De los «padres fundadores», quizás sólo el difunto Aaron Burr, aquel viejo aventurero, se habría encontrado a gusto en los Estados Unidos de 1876, entre los escándalos de la Administración Grant, en el lujoso ambiente de los salones de la señora Astor, y rodeado por las siniestras intrigas que caracterizaron las elecciones presidenciales de los Estados Unidos de América en el año de su centenario.
A esta Norteamérica tan espectacular llega Charlie Schuyler, hijo ilegítimo de Burr, después de un autoimpuesto y largo exilio europeo.
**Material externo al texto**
(* Let $\mathsf{MRK}$ be the axiom scheme $\neg\forall\alpha\mathsf{P}\to\exists\alpha\mathsf{P}^\bot$ for atomic $\mathsf{P}$. (1) Every instance of $\mathsf{MRK}$ is provable in $\mathsf{HA}+\mathsf{EM}_1^-$. (2) Conversely, the rule $\mathsf{EM}_1^-$ is derivable in $\mathsf{HA}+\mathsf{MRK}$: for atomic $\mathsf{P}$ and $C$, if $\Gamma,\forall\alpha\mathsf{P}\vdash\exists\beta C$ and $\Gamma,\exists\alpha\mathsf{P}^\bot\vdash\exists\beta C$ in $\mathsf{HA}+\mathsf{MRK}$, then $\Gamma\vdash\exists\beta C$ in $\mathsf{HA}+\mathsf{MRK}$.
   Context: $\mathsf{HA}$ is intuitionistic first-order arithmetic (Heyting arithmetic, in natural deduction) over $0,\mathsf{S},+,\cdot,=$ with the Peano axioms and induction scheme; atomic formulas are decidable and $\mathsf{P}^\bot$ denotes the complementary atomic predicate of $\mathsf{P}$ (so $\mathsf{P}^\bot\equiv\neg\mathsf{P}$). $\mathsf{HA}+\mathsf{EM}_1^-$ is $\mathsf{HA}$ extended with the rule $\mathsf{EM}_1^-$: from $\Gamma,\forall\alpha\mathsf{P}\vdash\exists\beta C$ and $\Gamma,\exists\alpha\mathsf{P}^\bot\vdash\exists\beta C$, with $\mathsf{P},C$ atomic, infer $\Gamma\vdash\exists\beta C$ (discharging the two hypotheses). $\mathsf{HA}+\mathsf{MRK}$ is $\mathsf{HA}$ with the instances of $\mathsf{MRK}$ as additional axioms. *)

From Stdlib Require Import List.
Import ListNotations.

Inductive term : Type :=
| tvar  : nat -> term
| tzero : term
| tsucc : term -> term
| tplus : term -> term -> term
| tmult : term -> term -> term.

Inductive atom : Type :=
| AEq  : term -> term -> atom
| ANeq : term -> term -> atom.

Definition perp (P : atom) : atom :=
  match P with
  | AEq t s => ANeq t s
  | ANeq t s => AEq t s
  end.

Inductive formula : Type :=
| Atom : atom -> formula
| Bot  : formula
| And  : formula -> formula -> formula
| Or   : formula -> formula -> formula
| Imp  : formula -> formula -> formula
| Fa   : formula -> formula
| Ex   : formula -> formula.

Definition Neg (A : formula) : formula := Imp A Bot.

Fixpoint tsubst (sg : nat -> term) (t : term) : term :=
  match t with
  | tvar n => sg n
  | tzero => tzero
  | tsucc u => tsucc (tsubst sg u)
  | tplus u v => tplus (tsubst sg u) (tsubst sg v)
  | tmult u v => tmult (tsubst sg u) (tsubst sg v)
  end.

Definition shift (n : nat) : term := tvar (S n).

Definition up (sg : nat -> term) (n : nat) : term :=
  match n with
  | 0 => tvar 0
  | S k => tsubst shift (sg k)
  end.

Definition asubst (sg : nat -> term) (a : atom) : atom :=
  match a with
  | AEq t s => AEq (tsubst sg t) (tsubst sg s)
  | ANeq t s => ANeq (tsubst sg t) (tsubst sg s)
  end.

Fixpoint fsubst (sg : nat -> term) (A : formula) : formula :=
  match A with
  | Atom a => Atom (asubst sg a)
  | Bot => Bot
  | And A B => And (fsubst sg A) (fsubst sg B)
  | Or A B => Or (fsubst sg A) (fsubst sg B)
  | Imp A B => Imp (fsubst sg A) (fsubst sg B)
  | Fa A => Fa (fsubst (up sg) A)
  | Ex A => Ex (fsubst (up sg) A)
  end.

Definition flift (A : formula) : formula := fsubst shift A.

Definition inst_sub (t : term) (n : nat) : term :=
  match n with 0 => t | S k => tvar k end.
Definition inst (t : term) (A : formula) : formula := fsubst (inst_sub t) A.

Definition succ_sub (n : nat) : term :=
  match n with 0 => tsucc (tvar 0) | S k => tvar (S k) end.

Inductive system : Type := HA_EM1 | HA_MRK.

(* prf sys Gamma A : Gamma |- A in HA + EM1^- (sys = HA_EM1)
   or in HA + MRK (sys = HA_MRK), natural deduction. *)
Inductive prf (sys : system) : list formula -> formula -> Prop :=
| p_hyp : forall G A, In A G -> prf sys G A
| p_impI : forall G A B, prf sys (A :: G) B -> prf sys G (Imp A B)
| p_impE : forall G A B, prf sys G (Imp A B) -> prf sys G A -> prf sys G B
| p_andI : forall G A B, prf sys G A -> prf sys G B -> prf sys G (And A B)
| p_andE1 : forall G A B, prf sys G (And A B) -> prf sys G A
| p_andE2 : forall G A B, prf sys G (And A B) -> prf sys G B
| p_orI1 : forall G A B, prf sys G A -> prf sys G (Or A B)
| p_orI2 : forall G A B, prf sys G B -> prf sys G (Or A B)
| p_orE : forall G A B C, prf sys G (Or A B) -> prf sys (A :: G) C ->
    prf sys (B :: G) C -> prf sys G C
| p_botE : forall G A, prf sys G Bot -> prf sys G A
| p_faI : forall G A, prf sys (map flift G) A -> prf sys G (Fa A)
| p_faE : forall G A t, prf sys G (Fa A) -> prf sys G (inst t A)
| p_exI : forall G A t, prf sys G (inst t A) -> prf sys G (Ex A)
| p_exE : forall G A B, prf sys G (Ex A) ->
    prf sys (A :: map flift G) (flift B) -> prf sys G B
| p_refl : forall G t, prf sys G (Atom (AEq t t))
| p_leib : forall G t s A,
    prf sys G (Imp (Atom (AEq t s)) (Imp (inst t A) (inst s A)))
| p_neq1 : forall G t s,
    prf sys G (Imp (Atom (ANeq t s)) (Neg (Atom (AEq t s))))
| p_neq2 : forall G t s,
    prf sys G (Imp (Neg (Atom (AEq t s))) (Atom (ANeq t s)))
| p_succ0 : forall G t, prf sys G (Neg (Atom (AEq (tsucc t) tzero)))
| p_succinj : forall G t s,
    prf sys G (Imp (Atom (AEq (tsucc t) (tsucc s))) (Atom (AEq t s)))
| p_plus0 : forall G t, prf sys G (Atom (AEq (tplus t tzero) t))
| p_plusS : forall G t s,
    prf sys G (Atom (AEq (tplus t (tsucc s)) (tsucc (tplus t s))))
| p_mult0 : forall G t, prf sys G (Atom (AEq (tmult t tzero) tzero))
| p_multS : forall G t s,
    prf sys G (Atom (AEq (tmult t (tsucc s)) (tplus (tmult t s) t)))
| p_ind : forall G A, prf sys G (inst tzero A) ->
    prf sys G (Fa (Imp A (fsubst succ_sub A))) -> prf sys G (Fa A)
| p_em1 : forall G (P C : atom), sys = HA_EM1 ->
    prf sys (Fa (Atom P) :: G) (Ex (Atom C)) ->
    prf sys (Ex (Atom (perp P)) :: G) (Ex (Atom C)) ->
    prf sys G (Ex (Atom C))
| p_mrk : forall G (P : atom), sys = HA_MRK ->
    prf sys G (Imp (Neg (Fa (Atom P))) (Ex (Atom (perp P)))).

(* MRK follows from EM1^- applied to the hypothesis ~ forall P itself: under
   forall P it is contradictory, under exists P^bot it is the goal.
   Conversely, MRK for C^bot makes exists C stable under double negation,
   since forall C^bot refutes exists C.  So it suffices to refute ~ exists C:
   that hypothesis, with the first premise, refutes forall P; MRK then gives
   exists P^bot, and the second premise turns it into exists C. *)
From Stdlib Require Import List.
Import ListNotations.

Arguments p_impI {sys G A B}.
Arguments p_impE {sys G A B}.
Arguments p_faE {sys G A} t.
Arguments p_exE {sys G A B}.
Arguments p_em1 {sys G P C}.
Arguments p_mrk {sys G} P.

Lemma incl_cons_cons {X : Type} (a : X) (l l' : list X) :
  incl l l' -> incl (a :: l) (a :: l').
Proof. intros H; apply incl_cons; [apply in_eq | apply incl_tl, H]. Qed.

Lemma prf_weaken {sys G A} : prf sys G A -> forall G', incl G G' -> prf sys G' A.
Proof.
  induction 1; intros G' HG;
    solve [econstructor; eauto using incl_cons_cons, incl_map].
Qed.

Lemma prf_weaken_cons sys G D A B :
  prf sys (A :: G) B -> prf sys (A :: D :: G) B.
Proof.
  intros H; apply (prf_weaken H), incl_cons_cons, incl_tl, incl_refl.
Qed.

Lemma prf_weaken_tl sys G D B : prf sys G B -> prf sys (D :: G) B.
Proof. intros H; apply (prf_weaken H), incl_tl, incl_refl. Qed.

Lemma prf_cut sys G A B : prf sys G A -> prf sys (A :: G) B -> prf sys G B.
Proof. intros HA HB; exact (p_impE (p_impI HB) HA). Qed.

Lemma perpK a : perp (perp a) = a.
Proof. now destruct a. Qed.

Lemma tsubst_inst0_up_shift t : tsubst (inst_sub (tvar 0)) (tsubst (up shift) t) = t.
Proof. induction t as [[|n]| | | |]; simpl; congruence. Qed.

Lemma asubst_inst0_up_shift a : asubst (inst_sub (tvar 0)) (asubst (up shift) a) = a.
Proof. destruct a; simpl; now rewrite !tsubst_inst0_up_shift. Qed.

(* The shape in which a universal hypothesis is available under [p_exE],
   which lifts the context. *)
Lemma prf_faE_var0 sys G a : prf sys G (flift (Fa (Atom a))) -> prf sys G (Atom a).
Proof.
  intros H. pose proof (p_faE (tvar 0) H) as H0.
  unfold inst in H0; simpl in H0; now rewrite asubst_inst0_up_shift in H0.
Qed.

Lemma prf_atom_perp_absurd sys G a :
  prf sys G (Atom a) -> prf sys G (Atom (perp a)) -> prf sys G Bot.
Proof.
  destruct a as [t s | t s]; simpl; intros Ha Hpa.
  - exact (p_impE (p_impE (p_neq1 _ _ t s) Hpa) Ha).
  - exact (p_impE (p_impE (p_neq1 _ _ t s) Ha) Hpa).
Qed.

Lemma prf_fa_perp_not_ex sys G C :
  prf sys (Fa (Atom (perp C)) :: G) (Neg (Ex (Atom C))).
Proof.
  apply p_impI, (p_exE (A := Atom C)).
  - apply p_hyp, in_eq.
  - apply (prf_atom_perp_absurd _ _ C); [apply p_hyp, in_eq |].
    apply prf_faE_var0, p_hyp; simpl; auto.
Qed.

Lemma em1_proves_mrk G P :
  prf HA_EM1 G (Imp (Neg (Fa (Atom P))) (Ex (Atom (perp P)))).
Proof.
  apply p_impI, (p_em1 (P := P)); [reflexivity | |].
  - apply p_botE, (p_impE (A := Fa (Atom P))); apply p_hyp; simpl; auto.
  - apply p_hyp, in_eq.
Qed.

Lemma mrk_ex_atom_stable G C :
  prf HA_MRK G (Neg (Neg (Ex (Atom C)))) -> prf HA_MRK G (Ex (Atom C)).
Proof.
  intros HnnC.
  pose proof (p_mrk (G := G) (perp C) eq_refl) as Hmrk; rewrite perpK in Hmrk.
  apply (p_impE Hmrk), p_impI, (p_impE (A := Neg (Ex (Atom C)))).
  - now apply prf_weaken_tl.
  - apply prf_fa_perp_not_ex.
Qed.

Lemma mrk_derives_em1 G P C :
  prf HA_MRK (Fa (Atom P) :: G) (Ex (Atom C)) ->
  prf HA_MRK (Ex (Atom (perp P)) :: G) (Ex (Atom C)) ->
  prf HA_MRK G (Ex (Atom C)).
Proof.
  intros HfaP HexPp; apply mrk_ex_atom_stable, p_impI.
  set (Gn := Neg (Ex (Atom C)) :: G).
  assert (HnC : prf HA_MRK Gn (Neg (Ex (Atom C)))) by apply p_hyp, in_eq.
  assert (HnfaP : prf HA_MRK Gn (Neg (Fa (Atom P)))).
  { apply p_impI, (p_impE (A := Ex (Atom C))).
    - now apply prf_weaken_tl.
    - now apply prf_weaken_cons. }
  apply (p_impE HnC), (prf_cut _ _ (Ex (Atom (perp P)))).
  - exact (p_impE (p_mrk P eq_refl) HnfaP).
  - now apply prf_weaken_cons.
Qed.

Theorem mainTheorem6 :
  (forall P : atom,
      prf HA_EM1 [] (Imp (Neg (Fa (Atom P))) (Ex (Atom (perp P))))) /\
  (forall (G : list formula) (P C : atom),
      prf HA_MRK (Fa (Atom P) :: G) (Ex (Atom C)) ->
      prf HA_MRK (Ex (Atom (perp P)) :: G) (Ex (Atom C)) ->
      prf HA_MRK G (Ex (Atom C))).
Proof.
  split.
  - intros P; apply em1_proves_mrk.
  - exact mrk_derives_em1.
Qed.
Exilio del que sólo trae una mínima reputación de escritor elegante, un conocimiento del mundo sólo comparable al de su difunto padre, y la fiel compañía de su hermosa hija Emma, la princesa viuda de Agrigente.
Schuyler, cuyos recursos económicos se agotaron en el pánico de 1873, confía en rehacer su capital consiguiendo, en primer lugar, el adecuado amigo norteamericano para su hija; en segundo lugar, escribiendo sobre las elecciones y sobre la celebración del centenario para los periódicos americanos; y, por último, congraciándose con Samuel Tilden, su candidato presidencial favorito, para volver a Francia no como un escritor que lucha por abrirse camino, sino como ministro plenipotenciario de los Estados Unidos.
Con tales ambiciones y con sus abundantes encantos, Charlie y su hija se encuentran pronto en los centros del poder social y político norteamericano de aquellos años sorprendentes en que los ideales de la joven república habían empezado a desvanecerse y a ser sustituidos por las emociones imperialistas.